The mission of DataOps is to create agile, scalable, and controllable workflows to feed data consumers the reliable data they need when they need it.

By Gary Alleman, MD of Master Data Management

The desire for insights to inform decision making remains a primary focus for executives.

Over time, the analytics budget and focus may have shifted – from business intelligence to big data, to data science and, most recently, to artificial intelligence and machine learning. Why? Because the business’ need for information is not met timeously.

As one executive said to me, “I am running my business blind. I only get my forecasts in the third week of the month.”

It is easy to understand why each new analytics capability or technology appears attractive, it is positioned as the ‘silver bullet’ that will miraculously deliver insights when needed.

Yet, without investments in the underlying data management foundation, each new technology and approach runs into the same hurdles as before.

A recent Coronium Intelligence survey of over 300 C-level executives across EMEA, the Americas, and Asia-Pacific, showed that:

* Almost nine in 10 CDOs say they are challenged by a lack of staff with the right skills.

* Data teams spend too much time on average (40%) cleaning and prepping data for analysis, with some reporting as high as 80%.

* Nearly two-thirds of respondents (65%) said staff will only trust insights from data if it confirms their gut feel.

* Data quality concerns are hampering data integration programs for 82% of CDOs.

* Four in five enterprises struggle to enrich their existing data at scale to uncover new insights and hidden patterns.

What is DataOps?

DataOps is a collaborative practise that brings together diverse teams to streamline and automate the delivery of data across an enterprise.

It leverages data management technology and practises to ensure:

* Data Integration: simplifying the process of connecting to and consolidating disparate data sources.

* Data Integrity: testing and improving data to ensure that business decisions are supported by accurate, complete data.

* Metadata Management: maintaining and communicating a clear picture of the data estate, origin, dependencies, and changes over time.

This sound foundation engages both business and IT stakeholders in an agile way to deliver high quality, well-understood data to support analytics on demand.

DataOps unlocks data for employees across the company – from executives and middle managers to business analysts and operational staff. Each knowledge worker is empowered by access to trusted data and insights, enhancing productivity and competitiveness at every level.

What is the difference between DevOps and DataOps?

DevOps is a methodology to optimise software development by enhancing collaboration between the developers and operational IT staff. This brings the development, testing and deployment of new software together into a single automated process, reducing software delivery timelines through enhanced communication.

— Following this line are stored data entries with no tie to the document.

(* Let $n\ge q\ge 1$ and let $\mathcal{G}$ be a requirements graph on the $n$ factors $F_1,\dots,F_n$. There exists a blocked $2^n$ factorial in blocks of size $2^q$ from which all $n$ main effects and all two-factor interactions corresponding to edges of $\mathcal{G}$ are estimable if and only if the chromatic number of $\mathcal{G}$ is at most $2^q-1$.
   Context: A blocked $2^n$ factorial in blocks of size $2^q$ is specified by a $q\times n$ generator matrix $X$ over $\mathrm{GF}(2)$ of rank $q$: the principal block is the row space of $X$ and the other blocks are its cosets in $\mathrm{GF}(2)^n$. An effect of a set $S$ of factors, with contrast $(-1)^{\sum_{j\in S}x_j}$, is estimable iff its contrast sums to zero over every block. A requirements graph is a simple graph with vertex set $\{F_1,\dots,F_n\}$ and an edge $F_iF_j$ whenever the interaction $F_iF_j$ is required to be estimable. *)

From HB Require Import structures.
From mathcomp Require Import all_boot all_order all_algebra.
Set Implicit Arguments. Unset Strict Implicit. Unset Printing Implicit Defensive.
Import GRing.Theory.
Local Open Scope ring_scope.

(* Treatment combinations: row vectors x in GF(2)^n.  A blocked design is given by
   a q x n generator matrix X over GF(2); the blocks are the cosets c + rowspace(X). *)

Definition in_block (n q : nat) (X : 'M['F_2]_(q, n)) (c x : 'rV['F_2]_n) : bool :=
  ((x - c)%R <= X)%MS.

Definition contrast (n : nat) (S : {set 'I_n}) (x : 'rV['F_2]_n) : int :=
  if (\sum_(j in S) x ord0 j == 0 :> 'F_2) then 1%R else (-1)%R.

Definition estimable (n q : nat) (X : 'M['F_2]_(q, n)) (S : {set 'I_n}) : Prop :=
  forall c : 'rV['F_2]_n, (\sum_(x | in_block X c x) contrast S x)%R = 0%R.

Definition simple_graph (n : nat) (e : rel 'I_n) : Prop :=
  symmetric e /\ irreflexive e.

Definition colorable (n : nat) (e : rel 'I_n) (k : nat) : bool :=
  [exists f : {ffun 'I_n -> 'I_k}, [forall i, forall j, e i j ==> (f i != f j)]].

Definition chromatic_number (n : nat) (e : rel 'I_n) : nat :=
  find (colorable e) (iota 0 n.+1)%N.

From mathcomp Require Import all_boot all_order all_algebra zify.
Set Implicit Arguments. Unset Strict Implicit. Unset Printing Implicit Defensive.
Import GRing.Theory Num.Theory.
Local Open Scope ring_scope.

(* For a set S of factors let ell_S(x) = sum_(j in S) x_j, a linear form on
   GF(2)^n; the contrast of S is (-1)^(ell_S x).
   1. Estimability criterion: the effect of S is estimable iff ell_S does not
      vanish on the principal block rowspace(X), i.e. iff some row r of X has
      ell_S(r) = 1.  If ell_S vanishes there, the contrast sums to the (nonzero)
      block size over the principal block; otherwise translation by r permutes
      every block and flips every contrast, so each block sum is its opposite.
   2. Hence F_i is estimable iff column i of X is nonzero, and F_i F_j (i != j)
      iff columns i and j differ: the columns of an admissible X form a proper
      colouring of the graph by the 2^q - 1 nonzero vectors of GF(2)^q.
   3. Conversely, from such a colouring we build X column by column; since
      q <= n, recolouring vertices one at a time makes every unit vector e_k a
      column, which forces rank X = q. *)

Lemma F2_cases (x : 'F_2) : x = 0 \/ x = 1.
Proof.
case: x => [[|[|m]] lt_m2]; [left | right | by []]; exact: val_inj.
Qed.

Lemma F2_neq0 (x : 'F_2) : x != 0 -> x = 1.
Proof. by case: (F2_cases x) => ->; rewrite ?eqxx. Qed.

Lemma F2_1add1 : 1 + 1 = 0 :> 'F_2.
Proof. exact: val_inj. Qed.

Lemma F2_add_neq0 (a b : 'F_2) : (a + b != 0) = (a != b).
Proof.
by case: (F2_cases a) => ->; case: (F2_cases b) => ->; rewrite ?F2_1add1 ?addr0 ?add0r.
Qed.

Definition ell n (S : {set 'I_n}) (x : 'rV['F_2]_n) : 'F_2 := \sum_(j in S) x ord0 j.

Lemma ellD n (S : {set 'I_n}) (x y : 'rV['F_2]_n) : ell S (x + y) = ell S x + ell S y.
Proof. by rewrite /ell -big_split; apply: eq_bigr => j _; rewrite mxE. Qed.

Lemma ell_mul n q (X : 'M['F_2]_(q, n)) (S : {set 'I_n}) (u : 'rV['F_2]_q) :
  ell S (u *m X) = \sum_r u ord0 r * \sum_(j in S) X r j.
Proof.
rewrite /ell; under eq_bigr => j _ do rewrite mxE.
by rewrite exchange_big; apply: eq_bigr => r _; rewrite mulr_sumr.
Qed.

Lemma contrastE n (S : {set 'I_n}) (x : 'rV['F_2]_n) :
  contrast S x = if ell S x == 0 then 1 else -1.
Proof. by []. Qed.

Lemma in_block_translate n q (X : 'M['F_2]_(q, n)) (c x r : 'rV['F_2]_n) :
  (r <= X)%MS -> in_block X c (x + r) = in_block X c x.
Proof.
move=> rX; rewrite /in_block addrAC; apply/idP/idP => xX; last exact: addmx_sub.
by rewrite -(addrK r (x - c)); apply: addmx_sub => //; rewrite -scaleN1r scalemx_sub.
Qed.

(* If ell_S vanishes on the rows of X, the principal block has contrast sum
   equal to its (positive) size. *)
Lemma not_estimable n q (X : 'M['F_2]_(q, n)) (S : {set 'I_n}) :
  (forall r, \sum_(j in S) X r j = 0) -> ~ estimable X S.
Proof.
move=> ell0 /(_ 0).
have contrast1 x : in_block X 0 x -> contrast S x = 1.
  rewrite /in_block subr0 => /submxP [u ->].
  by rewrite contrastE ell_mul big1 ?eqxx // => r _; rewrite ell0 mulr0.
rewrite (eq_bigr _ contrast1) sumr_const -mulr_natl mulr1 => /eqP.
rewrite pnatr_eq0 => /eqP /card0_eq /(_ 0).
by rewrite unfold_in /= /in_block subr0 sub0mx.
Qed.

(* If some row r of X has ell_S r = 1, translation by r is a bijection of each
   block reversing every contrast, so each block sum is zero. *)
Lemma estimable_of_row n q (X : 'M['F_2]_(q, n)) (S : {set 'I_n}) (r : 'I_q) :
  \sum_(j in S) X r j != 0 -> estimable X S.
Proof.
move=> ell_r c; set r0 := row r X.
have ell_r0 : ell S r0 = 1.
  by apply: F2_neq0; rewrite /ell; under eq_bigr => j _ do rewrite mxE.
set s := \sum_(x | in_block X c x) contrast S x.
suff : s = - s by lia.
rewrite {1}/s (reindex_inj (addIr r0)) /= -sumrN.
apply: eq_big => [x | x _]; first exact/in_block_translate/row_sub.
rewrite !contrastE ellD ell_r0.
by case: (F2_cases (ell S x)) => ->; rewrite ?F2_1add1 ?add0r ?eqxx ?opprK.
Qed.

Lemma estimableP n q (X : 'M['F_2]_(q, n)) (S : {set 'I_n}) :
  estimable X S <-> exists r, \sum_(j in S) X r j != 0.
Proof.
split=> [est | [r /estimable_of_row] //].
apply/existsP; apply: contraT; rewrite negb_exists => /forallP ell0.
by case: (not_estimable (fun r => eqP (negbNE (ell0 r)))).
Qed.

Lemma col_neq q n (X : 'M['F_2]_(q, n)) i j :
  (col i X != col j X) = [exists r, X r i != X r j].
Proof.
apply/idP/existsP => [neq | [r]]; last first.
  by apply: contra => /eqP /matrixP /(_ r ord0); rewrite !mxE => ->.
apply/existsP; apply: contraNT neq => /existsPn eq_ij; apply/eqP/matrixP => r k.
by rewrite !mxE; apply/eqP; rewrite -[_ == _]negbK eq_ij.
Qed.

Lemma estimable_main n q (X : 'M['F_2]_(q, n)) i :
  estimable X [set i] <-> col i X != 0.
Proof.
rewrite estimableP; split=> [[r] | nz].
  rewrite big_set1; apply: contra => /eqP /matrixP /(_ r ord0).
  by rewrite !mxE => ->.
have [r Xri] : exists r, X r i != 0.
  apply/existsP; apply: contraNT nz => /existsPn Xi0.
  by apply/eqP/matrixP => r k; rewrite !mxE; apply/eqP/negbNE.
by exists r; rewrite big_set1.
Qed.

Lemma estimable_interaction n q (X : 'M['F_2]_(q, n)) i j : i != j ->
  estimable X [set i; j] <-> col i X != col j X.
Proof.
move=> neq_ij; rewrite estimableP col_neq.
have sum2 r : \sum_(k in [set i; j]) X r k = X r i + X r j.
  by rewrite big_setU1 ?big_set1 // inE.
by split=> [[r] | /existsP [r]]; rewrite ?sum2 ?F2_add_neq0 => nz;
  [apply/existsP|]; exists r; rewrite ?sum2 ?F2_add_neq0.
Qed.

Lemma colorable_widen n (e : rel 'I_n) k k' : (k <= k')%N -> colorable e k -> colorable e k'.
Proof.
move=> le_kk' /existsP [f /forallP f_proper]; apply/existsP.
exists [ffun i => widen_ord le_kk' (f i)]; apply/forallP => i; apply/forallP => j.
apply/implyP => eij; rewrite !ffunE.
by apply: contra (implyP (forallP (f_proper i) j) eij) => /eqP [] /val_inj ->.
Qed.

Lemma colorable_id n (e : rel 'I_n) : irreflexive e -> colorable e n.
Proof.
move=> e_irr; apply/existsP; exists [ffun i => i].
apply/forallP => i; apply/forallP => j; apply/implyP => eij; rewrite !ffunE.
by apply: contraL eij => /eqP ->; rewrite e_irr.
Qed.

Lemma chromatic_number_le n (e : rel 'I_n) k :
  irreflexive e -> (chromatic_number e <= k)%N = colorable e k.
Proof.
move=> e_irr.
have has_col : has (colorable e) (iota 0 n.+1).
  by apply/hasP; exists n; [rewrite mem_iota; lia | exact: colorable_id].
have chi_lt : (chromatic_number e < n.+1)%N.
  by rewrite -[X in (_ < X)%N](size_iota 0 n.+1) -has_find.
have chi_col : colorable e (chromatic_number e).
  by have := nth_find 0 has_col; rewrite nth_iota ?add0n.
apply/idP/idP => [le_chi_k | k_col]; first exact: colorable_widen chi_col.
case: (leqP k n) => [le_kn | lt_nk]; last lia.
rewrite leqNgt; apply/negP => /(before_find 0).
by rewrite nth_iota ?add0n ?k_col // ltnS.
Qed.

Definition proper_coloring n (T : finType) (e : rel 'I_n) (A : {set T}) (c : 'I_n -> T) :=
  (forall i, c i \in A) /\ (forall i j, e i j -> c i != c j).

Lemma colorable_setP n (T : finType) (e : rel 'I_n) (A : {set T}) :
  colorable e #|A| <-> exists c : 'I_n -> T, proper_coloring e A c.
Proof.
split=> [/existsP [f /forallP f_proper] | [c [cA c_proper]]].
  exists (fun i => enum_val (f i)); split=> [i | i j eij]; first exact: enum_valP.
  by apply: contra (implyP (forallP (f_proper i) j) eij) => /eqP /enum_val_inj ->.
apply/existsP; exists [ffun i => enum_rank_in (cA i) (c i)].
apply/forallP => i; apply/forallP => j; apply/implyP => eij; rewrite !ffunE.
apply: contra (c_proper i j eij) => /eqP eq_rank.
by rewrite -(enum_rankK_in (cA i) (cA i)) -(enum_rankK_in (cA j) (cA j)) eq_rank.
Qed.

Lemma card_nonzero_vectors q : #|[set v : 'cV['F_2]_q | v != 0]| = (2 ^ q - 1)%N.
Proof.
have -> : [set v : 'cV['F_2]_q | v != 0] = [set~ 0] by apply/setP => v; rewrite !inE.
by rewrite cardsC1 card_mx card_Fp // muln1 subn1.
Qed.

Lemma rank_unit_columns q n (X : 'M['F_2]_(q, n)) :
  (forall k, exists i, col i X = delta_mx k 0) -> \rank X = q.
Proof.
move=> /fin_all_exists [g colg].
pose M : 'M['F_2]_(n, q) := \matrix_(i, k) (i == g k)%:R.
have XM1 : X *m M = 1%:M.
  apply/matrixP => r k; rewrite !mxE (bigD1 (g k)) //= big1 => [|i /negbTE neq_i].
    have := congr1 (fun v : 'cV_q => v r 0) (colg k); rewrite !mxE => ->.
    by rewrite !eqxx mulr1 addr0 andbT.
  by rewrite !mxE neq_i mulr0.
apply/eqP; rewrite eqn_leq rank_leq_row /=.
by rewrite -{1}(mxrank1 'F_2 q) -XM1 mxrankM_maxl.
Qed.

Lemma delta_mx_neq0 (R : nzRingType) m p (i : 'I_m) (j : 'I_p) :
  (delta_mx i j : 'M[R]_(m, p)) != 0.
Proof.
by apply/eqP => /matrixP /(_ i j); rewrite !mxE !eqxx => /eqP; rewrite oner_eq0.
Qed.

Section Recolouring.

Variables (n q : nat) (e : rel 'I_n).
Hypotheses (e_irr : irreflexive e) (q_le_n : (q <= n)%N).

Notation nonzero := [set v : 'cV['F_2]_q | v != 0].

Definition unit_colours (c : 'I_n -> 'cV['F_2]_q) : {set 'I_q} :=
  [set k | [exists i, c i == delta_mx k 0]].

(* Vertex v can be recoloured without losing a unit colour: its colour is not
   a unit vector or it is shared with another vertex. *)
Definition redundant (c : 'I_n -> 'cV['F_2]_q) (v : 'I_n) : bool :=
  ~~ [exists k, c v == delta_mx k 0] || [exists v', (v' != v) && (c v' == c v)].

(* Pigeonhole: if fewer than n unit colours are used, the vertices cannot all
   own distinct unit colours, so some vertex is redundant. *)
Lemma exists_redundant c : (#|unit_colours c| < n)%N -> exists v, redundant c v.
Proof.
move=> few_units; apply/existsP; apply: contraLR few_units => /existsPn no_red.
have [owns_unit c_inj] : (forall v, exists k, c v = delta_mx k 0) /\ injective c.
  split=> [v | v v' eq_c].
    by have := no_red v; rewrite negb_or negbK => /andP [/existsP [k /eqP]]; exists k.
  apply/eqP; apply: contraT => neq_v.
  have := no_red v; rewrite negb_or => /andP [_ /existsPn /(_ v')].
  by rewrite eq_sym neq_v eq_c eqxx.
have sub_units : c @: 'I_n \subset (fun k => delta_mx k 0) @: unit_colours c.
  apply/subsetP => _ /imsetP [v _ ->]; have [k ck] := owns_unit v.
  by rewrite ck; apply: imset_f; rewrite inE; apply/existsP; exists v; rewrite ck.
rewrite -leqNgt; have := subset_leq_card sub_units.
by rewrite card_imset // card_ord => /leq_trans; apply; exact: leq_imset_card.
Qed.

(* One step: recolour a redundant vertex with a missing unit vector; this keeps
   the colouring proper and strictly enlarges the set of unit colours. *)
Lemma recolour_step c : proper_coloring e nonzero c -> (#|unit_colours c| < q)%N ->
  exists c', proper_coloring e nonzero c' /\ (#|unit_colours c| < #|unit_colours c'|)%N.
Proof.
move=> [c_nz c_proper] few_units.
have [k k_new] : exists k, k \notin unit_colours c.
  apply/existsP; apply: contraLR few_units => /existsPn all_units.
  rewrite -leqNgt -[X in (X <= _)%N]card_ord subset_leq_card //.
  by apply/subsetP => k _; apply/negbNE.
have k_unused y : c y != delta_mx k 0.
  by apply: contra k_new => /eqP cy; rewrite inE; apply/existsP; exists y; rewrite cy.
have [v v_red] := exists_redundant (leq_trans few_units q_le_n).
pose c' i := if i == v then delta_mx k 0 else c i.
exists c'; split; first split.
- move=> i; rewrite /c' inE; case: (i == v); first exact: delta_mx_neq0.
  by have := c_nz i; rewrite inE.
- move=> i j eij; rewrite /c'.
  case: (eqVneq i v) => [iv | _]; case: (eqVneq j v) => [jv | _].
  + by move: eij; rewrite iv jv e_irr.
  + by rewrite eq_sym k_unused.
  + by rewrite k_unused.
  + exact: c_proper.
- apply: proper_card; apply/properP; split; last first.
    by exists k => //; rewrite inE; apply/existsP; exists v; rewrite /c' eqxx.
  apply/subsetP => k'; rewrite !inE => /existsP [x /eqP cx]; apply/existsP.
  rewrite /c'; case: (eqVneq x v) => [xv | nxv]; last by exists x; rewrite (negbTE nxv) cx.
  move: v_red; rewrite /redundant -xv cx.
  have -> : [exists k0, delta_mx k' 0 == delta_mx k0 0 :> 'cV['F_2]_q] by apply/existsP; exists k'.
  case/existsP => v' /andP [neq_v' /eqP cv']; exists v'.
  by rewrite (negbTE neq_v') cv'.
Qed.

Lemma recolour c : proper_coloring e nonzero c ->
  exists c', proper_coloring e nonzero c' /\ forall k, exists i, c' i = delta_mx k 0.
Proof.
move=> c_proper.
have [c' [c'_proper all_units]] : exists c', proper_coloring e nonzero c' /\ (q <= #|unit_colours c'|)%N.
  suff : forall m, (m <= q)%N ->
      exists c', proper_coloring e nonzero c' /\ (m <= #|unit_colours c'|)%N by apply.
  elim=> [|m IHm] lt_mq; first by exists c.
  have [c1 [c1_proper le_m]] := IHm (ltnW lt_mq).
  case: (ltnP m #|unit_colours c1|) => [lt_m | le_units]; first by exists c1.
  have [c2 [c2_proper grow]] := recolour_step c1_proper (leq_ltn_trans le_units lt_mq).
  by exists c2; split => //; apply: leq_ltn_trans le_m grow.
exists c'; split=> // k.
have : unit_colours c' = setT by apply/eqP; rewrite eqEcard subsetT cardsT card_ord.
by move/setP/(_ k); rewrite !inE => /existsP [i /eqP]; exists i.
Qed.

End Recolouring.

Local Close Scope ring_scope.

Theorem lemma1 (n q : nat) (e : rel 'I_n) :
  1 <= q -> q <= n -> simple_graph e ->
  (exists X : 'M['F_2]_(q, n),
      \rank X = q /\
      (forall i : 'I_n, estimable X [set i]) /\
      (forall i j : 'I_n, e i j -> estimable X [set i; j]))
  <-> chromatic_number e <= 2 ^ q - 1.
Proof.
move=> _ q_le_n [_ e_irr].
have neq_edge i j : e i j -> i != j by apply: contraTneq => ->; rewrite e_irr.
rewrite chromatic_number_le // -card_nonzero_vectors colorable_setP.
split=> [[X [_ [main inter]]] | [c c_proper]].
  exists (fun i => col i X); split=> [i | i j eij]; first by rewrite inE -estimable_main.
  exact/(estimable_interaction _ (neq_edge i j eij))/inter.
have [c' [[c'_nz c'_proper] c'_units]] := recolour e_irr q_le_n c_proper.
pose X : 'M['F_2]_(q, n) := (\matrix_(r, i) c' i r ord0)%R.
have colX i : col i X = c' i by apply/matrixP => r s; rewrite !mxE (ord1 s).
exists X; split; [|split] => [|i|i j eij].
- by apply: rank_unit_columns => k; have [i <-] := c'_units k; exists i.
- by apply/estimable_main; rewrite colX; have := c'_nz i; rewrite inE.
- by apply/estimable_interaction; rewrite ?colX; [exact: neq_edge | exact: c'_proper].
Qed.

DataOps, by contrast, brings together business and IT stakeholders to optimise the delivery of data pipelines. Rather than focusing on technical outcomes, the focus is on data, and its ability to support the delivery of business goals and objectives. This means that collaboration plays a much bigger role in DataOps than it does in DevOps as the priorities and expectation of business stakeholders must be clearly defined and prioritised.

Data integrity is another key focus. The DataOps team must continuously monitor the data pipeline to ensure that previously trusted data has not become tainted.

The technology at play also differs. Where DevOps is focussed on agile software development – using tools such as project management, source control, automated testing, and the like, DataOps is focussed on enabling data management capabilities including data catalogues, data lineage and data quality, along with data preparation or transformation capabilities.

Faster speed to insight

The agile framework of DataOps focuses on continuous delivery, supporting targeted pipeline deployments and changes to deliver against changing business priorities. Collaboration tools build feedback from data consumers into the pipeline development process, allowing tweaks to be made early in the process and delivering customised insights.

The ability to understand the impact of changes and eliminate manual, cumbersome processes increases the productivity of the data engineers and gives business stakeholders and decision-makers quicker access to the data they need to do their jobs.

This is the end-goal – delivering faster time to insight for key stakeholders through a sound, automated data management foundation, enhanced collaboration, and agile delivery.